The Office of the Special Rapporteur on Economic, Social, Cultural, and Environmental Rights (OSRESCER) also expresses its concern over the particular impact that these actions may have on the use and enjoyment of ESCERs in the region, particularly the right to health and the social factors that contribute to this. It is thus essential for mechanisms to be implemented to guarantee accountability and the transparency and monitoring of procurement of health-related goods, infrastructure, and equipment. Likewise, the IACHR and the OSRESCER have warned of situations in which the close relationship between corporations and high-ranking state authorities could lead to the former obtaining certain prerogatives and benefits, sometimes in an irregular fashion, such that they avoid the regulations that govern public goods such as health, the environment, or the population’s food and nutrition, which could allow impunity and corruption to advance, to the detriment of human rights. In this regard, it is fundamental to ensure the greatest possible transparency in relationships that link companies and economic sectors with state decision-making during the COVID-19 pandemic, and to guarantee safeguards to identify, make visible, and reduce conflicts of interest that may occur in these situations by calling for effective sanctions against those responsible should irregularities be found.

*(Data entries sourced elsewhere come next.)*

(* For every fixed integer $d\geq 2$ there exist constants $c_1,c_2>0$ (depending only on $d$) such that for all integers $n_1\geq n_2\geq\dots\geq n_d\geq 1$ with $n_1\geq 2$, $$c_1\prod_{j=2}^d n_j\leq \operatorname{tw}(P_{n_1}\square\cdots\square P_{n_d})\leq \operatorname{tw}(P_{n_1}\boxtimes\cdots\boxtimes P_{n_d})\leq c_2\prod_{j=2}^d n_j.$$
   Context: $P_n$ denotes the path on $n$ vertices and $\operatorname{tw}$ denotes treewidth. The cartesian product $G \square H$ has vertex set $V(G)\times V(H)$, with $(a,v)(b,u)$ an edge iff either $ab\in E(G)$ and $u=v$, or $uv\in E(H)$ and $a=b$. The strong product $G\boxtimes H$ has the same vertex set, with distinct vertices $(a,v),(b,u)$ adjacent iff ($a=b$ or $ab\in E(G)$) and ($u=v$ or $uv\in E(H)$). *)

From mathcomp Require Import all_boot.
From Stdlib Require Import ClassicalEpsilon.
Set Implicit Arguments.
Unset Strict Implicit.
Unset Printing Implicit Defensive.

(* A tree on a finite node type I: symmetric, irreflexive, connected,
   with exactly #|I| - 1 (unordered) edges, i.e. 2 (#|I| - 1) ordered pairs. *)
Definition is_tree (I : finType) (e : rel I) : Prop :=
  [/\ symmetric e, irreflexive e,
      (forall x y : I, connect e x y) &
      #|[set p : I * I | e p.1 p.2]| = 2 * (#|I| - 1)].

Definition is_tree_decomposition (V : finType) (adj : rel V)
    (I : finType) (e : rel I) (B : I -> {set V}) : Prop :=
  [/\ is_tree e,
      (forall v : V, exists i : I, v \in B i),
      (forall u v : V, adj u v -> exists i : I, (u \in B i) && (v \in B i)) &
      (forall v : V, forall i j : I, v \in B i -> v \in B j ->
         connect [rel x y | [&& e x y, v \in B x & v \in B y]] i j)].

Definition has_td_width (V : finType) (adj : rel V) (k : nat) : Prop :=
  exists (I : finType) (e : rel I) (B : I -> {set V}),
    is_tree_decomposition adj e B /\ forall i : I, #|B i| <= k.+1.

Lemma has_td_width_exists (V : finType) (adj : rel V) :
  exists k, (fun k => if excluded_middle_informative (has_td_width adj k)
                      then true else false) k.
Proof.
exists #|V|.
case: excluded_middle_informative => // [[]].
exists unit, (fun _ _ => false), (fun _ => [set: V]); split; last first.
  by move=> _; rewrite cardsT.
split.
- split => //; first by move=> [] [].
  rewrite card_unit /=.
  apply/eqP; rewrite cards_eq0; apply/eqP/setP => p; by rewrite !inE.
- by move=> v; exists tt; rewrite inE.
- by move=> u v _; exists tt; rewrite !inE.
- by move=> v [] [] _ _; exact: connect0.
Qed.

Definition treewidth (V : finType) (adj : rel V) : nat :=
  ex_minn (has_td_width_exists adj).

Definition grid_vertex (d : nat) (n : 'I_d -> nat) : finType :=
  {dffun forall i : 'I_d, 'I_(n i)}.

Definition path_adj (a b : nat) : bool := (a == b.+1) || (b == a.+1).

Definition cart_adj (d : nat) (n : 'I_d -> nat) : rel (grid_vertex n) :=
  fun x y => [exists i : 'I_d, path_adj (x i) (y i) &&
                [forall j : 'I_d, (j != i) ==> ((x j : nat) == y j)]].

Definition strong_adj (d : nat) (n : 'I_d -> nat) : rel (grid_vertex n) :=
  fun x y => (x != y) &&
    [forall i : 'I_d, ((x i : nat) == y i) || path_adj (x i) (y i)].

Arguments cart_adj {d} n.
Arguments strong_adj {d} n.

(* Upper bound: slicing the strong product along the longest coordinate gives a
   path decomposition whose bags are two consecutive slices, of size at most
   2 * prod_(j >= 2) n_j; the cartesian product is a subgraph of the strong one.
   Lower bound: by the Helly property of subtrees of a tree, every tree
   decomposition has a bag S such that each component of G - S has at most
   |V|/2 vertices.  Join u to v by the monotone route that adjusts the
   coordinates one at a time; if it misses S, then u and v are in the same
   component, so at least half of the |V|^2 pairs have routes meeting S.  A
   vertex lies on the routes of at most d |V| n_1 pairs, hence
   |V|^2 <= 2 |S| d |V| n_1, i.e. prod_(j >= 2) n_j <= 2 d (tw + 1) <= 4 d tw. *)

From mathcomp Require Import all_boot zify.
From Stdlib Require Import ClassicalEpsilon Reals Lra.
Set Implicit Arguments.
Unset Strict Implicit.
Unset Printing Implicit Defensive.

Lemma card_fibers (T : finType) (A : {set T * T}) :
  #|A| = \sum_(x : T) #|[set y | (x, y) \in A]|.
Proof.
rewrite -sum1_card.
rewrite (eq_bigr (fun x => \sum_(y | (x, y) \in A) 1)); last first.
  by move=> x _; rewrite -sum1_card; apply: eq_bigl => y; rewrite inE.
by rewrite pair_big_dep /=; apply: eq_bigl => -[x y].
Qed.

Lemma card_bigcup_le (J T : finType) (P : pred J) (F : J -> {set T}) :
  #|\bigcup_(j | P j) F j| <= \sum_(j | P j) #|F j|.
Proof.
elim/big_rec2: _ => [|j y X _ H]; first by rewrite cards0.
by rewrite cardsU (leq_trans (leq_subr _ _)) // leq_add2l.
Qed.

Section SubtreeHelly.
Variables (I : finType) (e : rel I).
Hypotheses (e_sym : symmetric e) (e_irr : irreflexive e).

Definition rel_on (U : {set I}) : rel I := fun x y => [&& e x y, x \in U & y \in U].
Arguments rel_on U x y /.
Definition connected_on (U : {set I}) := {in U &, forall x y, connect (rel_on U) x y}.
Definition tree_on (U : {set I}) :=
  connected_on U /\ #|[set a : I * I | rel_on U a.1 a.2]| = 2 * (#|U| - 1).
Definition is_leaf (U : {set I}) (l p : I) :=
  [/\ l \in U, p \in U, e l p & {in U, forall q, e l q -> q = p}].

Lemma connect_rel_on_subset (A B : {set I}) :
  A \subset B -> subrel (connect (rel_on A)) (connect (rel_on B)).
Proof.
move=> AB; apply: connect_sub => x y /and3P[exy xA yA]; apply: connect1.
by rewrite /= exy (subsetP AB _ xA) (subsetP AB _ yA).
Qed.
Theorem lemma3p6 (N j : nat) (Omega : vec N -> Prop) :
  bounded_domain Omega -> (1 <= j)%nat -> (j <= N)%nat ->
  exists mu C : R, 0 < mu /\ 0 < C /\
  forall (eps : R) (x0 : vec N) (t : R),
    0 < eps -> eps < 1 -> Omega x0 -> 0 < t ->
    (forall (SI : list (vec N * R) -> (vec N -> Prop))
            (SII : list (vec N * R) -> (vec N -> Prop) -> vec N),
        valid_strategies j SI SII ->
        prob_first (horizon eps t) (par_time_out Omega eps SI SII x0 t)
          <= C * exp (- mu * t)) /\
    (forall (SI : list (vec N) -> (vec N -> Prop))
            (SII : list (vec N) -> (vec N -> Prop) -> vec N),
        valid_strategies j SI SII ->
        prob_first (horizon eps t) (ell_long Omega eps SI SII x0 t)
          <= C * exp (- mu * t)).
Proof.
move=> [_ [_ [_ [M norm_le_M]]]] _ _.
have Om_sq x : Omega x -> sq x <= M ^ 2.
  move=> Om_x; rewrite -vnorm_sq; apply: pow_incr; split; first exact: sqrt_pos.
  exact: norm_le_M.
have A_gt0 : 0 < level (M ^ 2) by apply/level_gt0/pow2_ge_0.
exists (2 / level (M ^ 2)), (2 * exp (/ level (M ^ 2))); split.
  by apply: Rdiv_lt_0_compat; lra.
split; first by apply: Rmult_lt_0_compat; [lra | apply: exp_pos].
move=> eps x0 t eps_gt0 eps_lt1 Om_x0 t_gt0; split=> SI SII valid.
- apply: (tail_bound (h0 := [:: (x0, t)]) (next := par_step eps SI SII x0 t)
            (pos := fun h => (head (x0, t) h).1) Om_sq eps_gt0 eps_lt1 _
            (valid_dir_unit valid)) => // c par_c i before_t.
  have := par_c i; rewrite par_time /par_state par_hist_ghist; apply; lra.
- apply: (tail_bound (h0 := [:: x0]) (next := ell_step eps SI SII x0)
            (pos := head x0) Om_sq eps_gt0 eps_lt1 _ (valid_dir_unit valid)) => // c ell_c i before_t.
  by have := ell_c i before_t; rewrite /ell_pos ell_hist_ghist.
Qed.
(* Let $\Pi$ be an equitative protocol for a distribution type $\tau$ and let $\rho$ be a run of $\Pi$. Then there is a constant $\gamma=\gamma(\rho)\in(0,1]$ such that for every deal $H$ of type $\tau$, $\Pr(\rho\mid H)=\gamma$ if $H\in\mathrm{Poss}(\rho)$ and $\Pr(\rho\mid H)=0$ otherwise.
   Context: Let $\mathcal A$ be a finite set of agents listed in speaking order $P_0,\dots,P_m$. A distribution type is a vector $\tau=(\tau_P)_{P\in\mathcal A}$ of positive integers, $|\tau|=\sum_P\tau_P$. The deck $\Omega$ is a set of $|\tau|$ cards; a deal of type $\tau$ is a partition $H=(H_P)_P$ of $\Omega$ with $|H_P|=\tau_P$. Fix a set of tokens; a run is a finite sequence $\rho=a_0,\dots,a_n$ of tokens, $\rho_{<k}=a_0,\dots,a_{k-1}$. A protocol for $\tau$ is a function $\Pi$ assigning to every deal $H$ and run $\rho$ a set of tokens $\Pi(H,\rho)$ such that if $k$ is the remainder of $|\rho|$ modulo $m+1$ and $H_{P_k}=H'_{P_k}$, then $\Pi(H,\rho)=\Pi(H',\rho)$. An execution is a pair $(H,\rho)$ with $a_k\in\Pi(H,\rho_{<k})$ for all $k\le n$; $\rho$ is a run of $\Pi$ if some $(H,\rho)$ is an execution. $\mathrm{Poss}(\rho)$ is the set of deals $H$ such that $(H,\rho)$ is an execution. $\Pi$ is equitative if for every run $\rho$ of $\Pi$ there is $k=k(\rho)$ with $|\Pi(H,\rho)|=k$ for all $H\in\mathrm{Poss}(\rho)$. Probability model: given the deal $H$, starting from the empty run, while $\Pi(H,\rho)\neq\emptyset$ for the current run $\rho$ a token is drawn uniformly at random from $\Pi(H,\rho)$ and appended; $\Pr(\rho\mid H)$ is the probability that the first $|\rho|$ tokens produced are exactly $\rho$. *)

From HB Require Import structures.
From mathcomp Require Import all_boot all_order all_algebra.
From mathcomp Require Import finmap.
Set Implicit Arguments. Unset Strict Implicit. Unset Printing Implicit Defensive.
Import Order.TTheory GRing.Theory Num.Theory.
Local Open Scope fset_scope.

(* Agents P_0,...,P_m are 'I_(m.+1) (speaking order = order of indices).
   Cards form a finite type [Card]; a deal is a map assigning each card to the
   agent holding it; H_P is the preimage of P.
   Tokens form a choiceType [T]; Pi(H, rho) is a finite set {fset T}. *)

Section Defs.
Variables (m : nat) (Card : finType) (T : choiceType).

Definition deal := {ffun Card -> 'I_m.+1}.

Definition hand (H : deal) (P : 'I_m.+1) : {set Card} := [set c | H c == P].

Definition is_deal (tau : 'I_m.+1 -> nat) (H : deal) : Prop :=
  forall P, #|hand H P| = tau P.

Definition distribution_type (tau : 'I_m.+1 -> nat) : Prop :=
  (forall P, 0 < tau P)%N /\ #|Card| = (\sum_(P < m.+1) tau P)%N.

Definition speaker (rho : seq T) : 'I_m.+1 := inord (size rho %% m.+1).

Definition is_protocol (tau : 'I_m.+1 -> nat)
    (Pi : deal -> seq T -> {fset T}) : Prop :=
  forall (H H' : deal) (rho : seq T), is_deal tau H -> is_deal tau H' ->
    hand H (speaker rho) = hand H' (speaker rho) -> Pi H rho = Pi H' rho.

Definition execution (Pi : deal -> seq T -> {fset T}) (H : deal) (rho : seq T)
    : Prop :=
  forall k, (k < size rho)%N ->
    forall a0 : T, nth a0 rho k \in Pi H (take k rho).

Definition is_run (tau : 'I_m.+1 -> nat) (Pi : deal -> seq T -> {fset T})
    (rho : seq T) : Prop :=
  exists H, is_deal tau H /\ execution Pi H rho.

Definition Poss (tau : 'I_m.+1 -> nat) (Pi : deal -> seq T -> {fset T})
    (rho : seq T) (H : deal) : Prop :=
  is_deal tau H /\ execution Pi H rho.

Definition equitative (tau : 'I_m.+1 -> nat)
    (Pi : deal -> seq T -> {fset T}) : Prop :=
  forall rho, is_run tau Pi rho ->
    exists k : nat, forall H, Poss tau Pi rho H -> #|` Pi H rho| = k.

(* Pr(rho | H): probability that the random process (drawing uniformly from
   Pi(H, current run) while it is nonempty) produces rho as its first |rho|
   tokens.  By the chain rule this is the product over k < |rho| of the
   probability that the k-th draw is a_k given the first k draws were rho_<k,
   namely 1/|Pi(H,rho_<k)| if a_k \in Pi(H,rho_<k), and 0 otherwise (in
   particular 0 if the process has stopped, i.e. Pi(H,rho_<k) is empty). *)
Definition prob_run (R : realFieldType) (Pi : deal -> seq T -> {fset T})
    (H : deal) (rho : seq T) : R :=
  \prod_(k < size rho)
    (match rho with
     | [::] => 0
     | a0 :: _ =>
       if nth a0 rho k \in Pi H (take k rho)
       then (#|` Pi H (take k rho)|%:R)^-1 else 0
     end)%R.

End Defs.

From HB Require Import structures.
From mathcomp Require Import all_boot all_order all_algebra.
From mathcomp Require Import finmap.
Import Order.TTheory GRing.Theory Num.Theory.
Local Open Scope ring_scope.

(* By the chain rule, Pr(rho | H) vanishes unless (H, rho) is an execution, and
   then it is the product of the inverses of the option counts |Pi(H, rho_<k)|.
   Each prefix rho_<k of a run is again a run, so equitativity makes these
   counts independent of H in Poss(rho); hence so is the product, which is
   positive and at most 1 because every count is a positive integer. *)

Section ProbRun.
Context {R : realFieldType} {m : nat} {Card : finType} {T : choiceType}.
Context {Pi : deal m Card -> seq T -> {fset T}}.
Implicit Types (H : deal m Card) (rho : seq T).

Lemma execution_take H rho k :
  execution Pi H rho -> execution Pi H (take k rho).
Proof.
move=> E j lt_j a0.
have /andP[ltjk ltj] : (j < k)%N && (j < size rho)%N.
  by move: lt_j; rewrite size_take_min leq_min.
by rewrite nth_take // (take_takel _ (ltnW ltjk)); apply: E.
Qed.

Lemma execution_card_gt0 H rho k :
  execution Pi H rho -> (k < size rho)%N -> (0 < #|` Pi H (take k rho)|)%N.
Proof.
case: rho => [//|a0 r] E ltk; rewrite cardfs_gt0.
by apply/fset0Pn; exists (nth a0 (a0 :: r) k); apply: E.
Qed.

Lemma prob_run_execution {H rho} : execution Pi H rho ->
  prob_run R Pi H rho = \prod_(k < size rho) (#|` Pi H (take k rho)|%:R)^-1.
Proof.
rewrite /prob_run; case: rho => [|a0 r] E; first by rewrite !big_ord0.
by apply: eq_bigr => k _; rewrite E.
Qed.

Lemma prob_run_not_execution H rho :
  ~ execution Pi H rho -> prob_run R Pi H rho = 0.
Proof.
rewrite /prob_run; case: rho => [|a0 r] NE; first by case: NE.
have [k notin_k] : exists k : 'I_(size (a0 :: r)),
    nth a0 (a0 :: r) k \notin Pi H (take k (a0 :: r)).
  apply/existsP; rewrite -negb_forall; apply/negP => /forallP inPi; apply: NE.
  by move=> k ltk b; rewrite (set_nth_default a0 b ltk) (inPi (Ordinal ltk)).
by rewrite (bigD1 k) //= (negbTE notin_k) mul0r.
Qed.

Lemma prob_run_execution_gt0 {H rho} :
  execution Pi H rho -> 0 < prob_run R Pi H rho.
Proof.
move=> E; rewrite prob_run_execution //; apply: prodr_gt0 => k _.
by rewrite invr_gt0 ltr0n execution_card_gt0.
Qed.

Lemma prob_run_le1 H rho : prob_run R Pi H rho <= 1.
Proof.
rewrite /prob_run; case: rho => [|a0 r]; first by rewrite big_ord0.
apply: prodr_ile1 => k _; case: ifP => [in_k|_]; last by rewrite lexx ler01.
have n_gt0 : (0 < #|` Pi H (take k (a0 :: r))|)%N.
  by rewrite cardfs_gt0; apply/fset0Pn; exists (nth a0 (a0 :: r) k).
by rewrite invr_ge0 ler0n invf_le1 ?ltr0n ?ler1n.
Qed.

Context {tau : 'I_m.+1 -> nat}.

Lemma Poss_take k {rho H} : Poss tau Pi rho H -> Poss tau Pi (take k rho) H.
Proof. by move=> [DH EH]; split=> //; apply: execution_take. Qed.

Lemma equitative_prob_run {rho H H'} : equitative tau Pi ->
  Poss tau Pi rho H -> Poss tau Pi rho H' ->
  prob_run R Pi H rho = prob_run R Pi H' rho.
Proof.
move=> eqPi PH PH'.
rewrite (prob_run_execution PH.2) (prob_run_execution PH'.2).
apply: eq_bigr => k _.
have [c count_c] := eqPi (take k rho) (ex_intro _ H (Poss_take k PH)).
by rewrite (count_c H (Poss_take k PH)) (count_c H' (Poss_take k PH')).
Qed.

End ProbRun.

Theorem mainTheorem3 (R : realFieldType) (m : nat) (Card : finType)
    (T : choiceType) (tau : 'I_m.+1 -> nat)
    (Pi : deal m Card -> seq T -> {fset T}) (rho : seq T) :
  distribution_type Card tau ->
  is_protocol tau Pi ->
  equitative tau Pi ->
  is_run tau Pi rho ->
  exists gamma : R, 0 < gamma /\ gamma <= 1 /\
    forall H : deal m Card, is_deal tau H ->
      (Poss tau Pi rho H -> prob_run R Pi H rho = gamma) /\
      (~ Poss tau Pi rho H -> prob_run R Pi H rho = 0).
Proof.
move=> _ _ eqPi [H0 PH0].
exists (prob_run R Pi H0 rho); split; first exact: prob_run_execution_gt0 PH0.2.
split; first exact: prob_run_le1.
move=> H DH; split=> [PH|notPH]; first exact: equitative_prob_run eqPi PH PH0.
by apply: prob_run_not_execution => EH; apply: notPH.
Qed.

Furthermore, the IACHR has expressed its particular concern over the disproportionate impact that corruption and inappropriate use of public funds intended to mitigate the health emergency may have on the enjoyment and exercise of human rights by groups of people living in particularly vulnerable situations. States must therefore adopt all necessary measures to prevent and investigate acts of corruption and promote positive, targeted measures to this end through a framework of additional protection for individuals and groups living in poverty, vulnerability, and exclusion.

In this regard, the IACHR emphatically reiterates the provisions of Resolution No. 1/2020 on Pandemics and Human Rights in the Americas, in which it called on states to ensure that mechanisms for accountability and access to justice are in place to respond to potential human rights violations during the COVID-19 pandemic and its aftermath, including violations committed by private stakeholders and acts of corruption or arrest on the part of the state to the detriment of their human rights. To combat the scourge of corruption and promote institutional strengthening, the monitoring and reduction of discretionary uses of power, accountability, and the monitoring of public-sector activities, the IACHR recalls the importance of developing and implementing public policies that allow for states to consolidate a comprehensive strategy for fighting corruption with a human rights approach.

A principal, autonomous body of the Organization of American States (OAS), the IACHR derives its mandate from the OAS Charter and the American Convention on Human Rights. The Inter-American Commission has a mandate to promote respect for and to defend human rights in the region and acts as a consultative body to the OAS in this area. The Commission is composed of seven independent members who are elected in an individual capacity by the OAS General Assembly and who do not represent their countries of origin or residence.